Much was made, in their initial press, about singer Hugh McGuinness’s vocal similarity to one Steven Patrick Morrissey, and the band’s similarity to the Smiths, but Mighty Mighty were more than mere Smiths-clones.  The dual guitar attack (brothers Mick and Peter Geoghegan) was augmented by a very un-Smiths use of the Vox and Hammond organ, adding a 60’s garage rock flavor to the jangle pop.  At times, the organ lines become the central melody with the guitars merely chugging along as background, in ways similar to the seminal New Zealand band The Chills.  McGuinness’s voice can, at times, be a striking chameleon for Morrissey, although he has a tendency to croon more than the Moz of ’86-’88 (see “One Way”).  The band’s sound tends to be more energetic than the Smiths, with soul and funk basslines and dance grooves imported from Postcard Records artists like Orange Juice and Josef F.  But there are also moments where the smooth pop of Aztec Camera and Prefab Sprout comes into play (“Freedom of the City”) and others where the band could be less politically-minded kissing cousins with The Housemartins.  Occasionally ramshackle arrangements echo The Velvet Underground.
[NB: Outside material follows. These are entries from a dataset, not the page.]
(* Let $\mathrm{Q}(E)\subset\mathrm{QPH}_0(E)$ be the locus where $\Phi=0$, let $\mathrm{R}(E)$ be the locus where $\Phi\ne 0$ and $L(\Phi)=E_1$ (defined when $m_1>m_2$), and for an integer $j$ let $\mathrm{S}_j(E)$ be the locus where $\Phi\neq0$, $\det\Phi=0$ and $L(\Phi)\ne E_1$ has degree $j$. Then, for every integer $m$, $$\mathrm{QPH}_0(E)=\begin{cases}\mathrm{Q}(E)\sqcup\mathrm{S}_m(E)\sqcup\mathrm{S}_{m-1}(E) & E\cong\mathcal O(m)\oplus\mathcal O(m),\\ \mathrm{Q}(E)\sqcup\mathrm{R}(E)\sqcup\mathrm{S}_m(E) & E\cong\mathcal O(m+1)\oplus\mathcal O(m),\\ \mathrm{Q}(E)\sqcup\mathrm{R}(E)\sqcup\mathrm{S}_{m-1}(E) & E\cong\mathcal O(m+1)\oplus\mathcal O(m-1),\end{cases}$$ and $\mathrm{QPH}_0(E)=\mathrm{Q}(E)\sqcup\mathrm{R}(E)$ if $m_1-m_2\ge 3$.
   Context: Fix $z_1\in\mathbb{CP}^1\setminus\{0,1,\infty\}$, set $z_2=0$, $z_3=1$, $z_4=\infty$ and $D=z_1+z_2+z_3+z_4$. Let $E\to\mathbb{CP}^1$ be a holomorphic vector bundle of rank 2, $E\cong\mathcal O(m_1)\oplus\mathcal O(m_2)$, $m_1\ge m_2$; when $m_1>m_2$, $E_1\subset E$ is the unique subbundle isomorphic to $\mathcal O(m_1)$. A quasi-parabolic structure on $E$ is a tuple $(F_1,\dots,F_4)$ of lines $F_i\subset E|_{z_i}$. A (strongly) parabolic Higgs field compatible with it is $\Phi\in H^0(\mathbb{CP}^1,\mathrm{End}(E)\otimes K_{\mathbb{CP}^1}(D))$ such that each residue $\mathrm{Res}_{z_i}\Phi$ is nilpotent with $F_i\subset\ker\mathrm{Res}_{z_i}\Phi$. $\mathrm{QPH}(E)$ is the space of all such tuples, and $\mathrm{QPH}_0(E)$ is the subset where $\det\Phi=0$ in $H^0(\mathbb{CP}^1,K^2_{\mathbb{CP}^1}(D))$. A nonzero nilpotent $\Phi$ preserves a unique line subbundle $L(\Phi)\subset E$ (the saturation of $\ker\Phi$). *)

From HB Require Import structures.
From mathcomp Require Import all_boot all_order all_algebra.
From mathcomp Require Import reals complex mpoly.
Set Implicit Arguments. Unset Strict Implicit. Unset Printing Implicit Defensive.
Import Order.TTheory GRing.Theory Num.Theory.
Local Open Scope ring_scope.

(* CP^1 has homogeneous coordinates (X_0 : X_1), affine coordinate z = X_0/X_1.
   Sections of O(k) over CP^1 = homogeneous polynomials of degree k in
   C[X_0,X_1] (zero if k < 0).  E = O(m1) (+) O(m2), a section of E is a
   column (s_1, s_2) with s_i in H^0(O(m_i)). *)

Section Model.
Variable R : realType.
Local Notation C := (R[i])%C.
Local Notation P := {mpoly C[2]}.

Definition sectO (k : int) (p : P) : Prop :=
  if (0 <= k)%R then p \is (`|k|%N).-homog else p == 0.

(* Fixed homogeneous representatives of the marked points
   z_1 = (z1:1), z_2 = 0 = (0:1), z_3 = 1 = (1:1), z_4 = oo = (1:0).
   The fibre E|_{z_i} is identified with C^2 by evaluating the two
   components of a section at this representative. *)
Definition marked_pt (z1 : C) (i : 'I_4) : 'I_2 -> C :=
  fun k => match val i with
           | 0%N => if val k == 0%N then z1 else 1
           | 1%N => if val k == 0%N then 0 else 1
           | 2%N => 1
           | _ => if val k == 0%N then 1 else 0
           end.

(* K_{CP^1}(D) = O(2) since deg D = 4, so
   End(E) (x) K(D) = (+)_{a,b} O(m_a - m_b + 2).  A Higgs field is a 2x2 matrix
   of polynomials whose (a,b) entry is a section of O(m_a - m_b + 2). *)
Definition mdeg2 (m1 m2 : int) (a : 'I_2) : int := if val a == 0%N then m1 else m2.

Definition higgs_section (m1 m2 : int) (Phi : 'M[P]_2) : Prop :=
  forall a b : 'I_2, sectO (mdeg2 m1 m2 a - mdeg2 m1 m2 b + 2) (Phi a b).

(* Residue of Phi at z_i, in the above trivialisation of E|_{z_i}, up to a
   nonzero scalar factor (coming from the trivialisation of K(D)|_{z_i};
   nilpotency and kernels are insensitive to it). *)
Definition residue (z1 : C) (Phi : 'M[P]_2) (i : 'I_4) : 'M[C]_2 :=
  map_mx (meval (marked_pt z1 i)) Phi.

Definition nilpotent_mx (M : 'M[C]_2) : Prop := exists n : nat, M ^+ n = 0.

(* QPH(E): a line F_i in E|_{z_i} is given by a spanning nonzero vector f i. *)
Definition QPH (m1 m2 : int) (z1 : C) (f : 'I_4 -> 'cV[C]_2) (Phi : 'M[P]_2) : Prop :=
  (forall i, f i != 0) /\ higgs_section m1 m2 Phi /\
  forall i, nilpotent_mx (residue z1 Phi i) /\ residue z1 Phi i *m f i = 0.

Definition QPH0 m1 m2 z1 f Phi : Prop := QPH m1 m2 z1 f Phi /\ \det Phi = 0.

(* A line subbundle of E of degree j: the image of O(j) -> E given by
   (a, b) with a in H^0(O(m1 - j)), b in H^0(O(m2 - j)) without common zero
   on CP^1. *)
Definition line_subbundle (m1 m2 j : int) (a b : P) : Prop :=
  sectO (m1 - j) a /\ sectO (m2 - j) b /\
  forall v : 'I_2 -> C, (exists k, v k != 0) ->
    ~ (a.@[v] = 0 /\ b.@[v] = 0).

Definition col2 (a b : P) : 'cV[P]_2 :=
  \col_(k < 2) (if val k == 0%N then a else b).

(* L(Phi) = saturation of ker Phi is the line subbundle given by (a,b) of degree j:
   (a,b) spans a saturated line subbundle killed by Phi (such a subbundle is
   unique for Phi <> 0 with det Phi = 0). *)
Definition L_is (m1 m2 : int) (Phi : 'M[P]_2) (j : int) (a b : P) : Prop :=
  line_subbundle m1 m2 j a b /\ Phi *m col2 a b = 0.

(* E_1 = O(m1) (+) 0 (when m1 > m2): the subbundle (a,b) equals E_1 iff b = 0. *)

Definition Qlocus m1 m2 z1 f (Phi : 'M[P]_2) : Prop :=
  QPH0 m1 m2 z1 f Phi /\ Phi = 0.

Definition Rlocus m1 m2 z1 f (Phi : 'M[P]_2) : Prop :=
  QPH0 m1 m2 z1 f Phi /\ Phi != 0 /\ exists j a b, L_is m1 m2 Phi j a b /\ b = 0.

Definition Slocus m1 m2 z1 (j : int) f (Phi : 'M[P]_2) : Prop :=
  QPH0 m1 m2 z1 f Phi /\ Phi != 0 /\ \det Phi = 0 /\
  exists a b, L_is m1 m2 Phi j a b /\ ((m2 < m1)%R -> b != 0).

End Model.

Definition disj_union3 {T U : Type} (X A B D : T -> U -> Prop) : Prop :=
  forall t u, (X t u <-> A t u \/ B t u \/ D t u) /\
    ~ (A t u /\ B t u) /\ ~ (A t u /\ D t u) /\ ~ (B t u /\ D t u).

Definition disj_union2 {T U : Type} (X A B : T -> U -> Prop) : Prop :=
  forall t u, (X t u <-> A t u \/ B t u) /\ ~ (A t u /\ B t u).

From HB Require Import structures.
From mathcomp Require Import all_boot all_order all_algebra.
From mathcomp Require Import reals complex mpoly.
From mathcomp Require Import boolp ring zify.
Import Order.TTheory GRing.Theory Num.Theory.
Local Open Scope ring_scope.
Set Implicit Arguments. Unset Strict Implicit. Unset Printing Implicit Defensive.

(* Write Phi = [[p, q], [r, s]], so that p, s are binary forms of degree 2,
   q has degree m1 - m2 + 2 and r has degree m2 - m1 + 2 (zero if negative).
   1. The residues are nilpotent, so tr Phi = p + s vanishes at the three
      points 0, 1, oo; being a quadratic form it vanishes: s = -p.  Together
      with det Phi = 0 this gives the key relation p^2 + q r = 0.
   2. If r = 0 then p = 0 and Phi kills (1, 0), i.e. L(Phi) = E_1 (the locus
      R, or S_m in the balanced case).  This is always so when m1 - m2 >= 3.
   3. If r <> 0, factor out the common zeros of p and r (every binary form of
      degree <= 2 over C splits, and p vanishes wherever r does): writing
      p = L a, r = L b with a, b coprime, Phi kills (a, b), and (a, b) is the
      line subbundle L(Phi), of degree m2 - deg b.
   4. The loci are disjoint because kernels of a nonzero 2x2 matrix of
      polynomials are proportional, and the degree/direction of L(Phi) then
      distinguishes R from S_j and S_m from S_(m-1). *)

Lemma big_ord2 (T : Type) (idx : T) (op : Monoid.law idx) (F : 'I_2 -> T) :
  \big[op/idx]_(i < 2) F i = op (F ord0) (F ord_max).
Proof.
rewrite big_ord_recr big_ord_recl big_ord0 Monoid.mulm1 /=.
by congr (op (F _) _); apply: val_inj.
Qed.

Lemma ord2P (k : 'I_2) : k = ord0 \/ k = ord_max.
Proof. by case: k => [[|[|]]] // lk; [left|right]; apply: val_inj. Qed.

(* A ring identity that is zero modulo a vanishing quantity w; this is how
   the polynomial identities below are discharged by [ring] and [field]. *)
Lemma eq_mod0 (F : comPzRingType) (u v w k : F) : w = 0 -> u - v = k * w -> u = v.
Proof. by move=> -> e; apply/eqP; rewrite -subr_eq0 e mulr0. Qed.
In the post-Smiths indie pop world, where it took merely a rush and a push to make the charts, it’s easy to see why Mighty Mighty burned brightly, but also why they faded fast: there were a lot of other bands doing something similar during their heyday.  Unfortunately, a fair number of really excellent songs got lost in the shuffle, but now is as good of a time as any to revisit their work.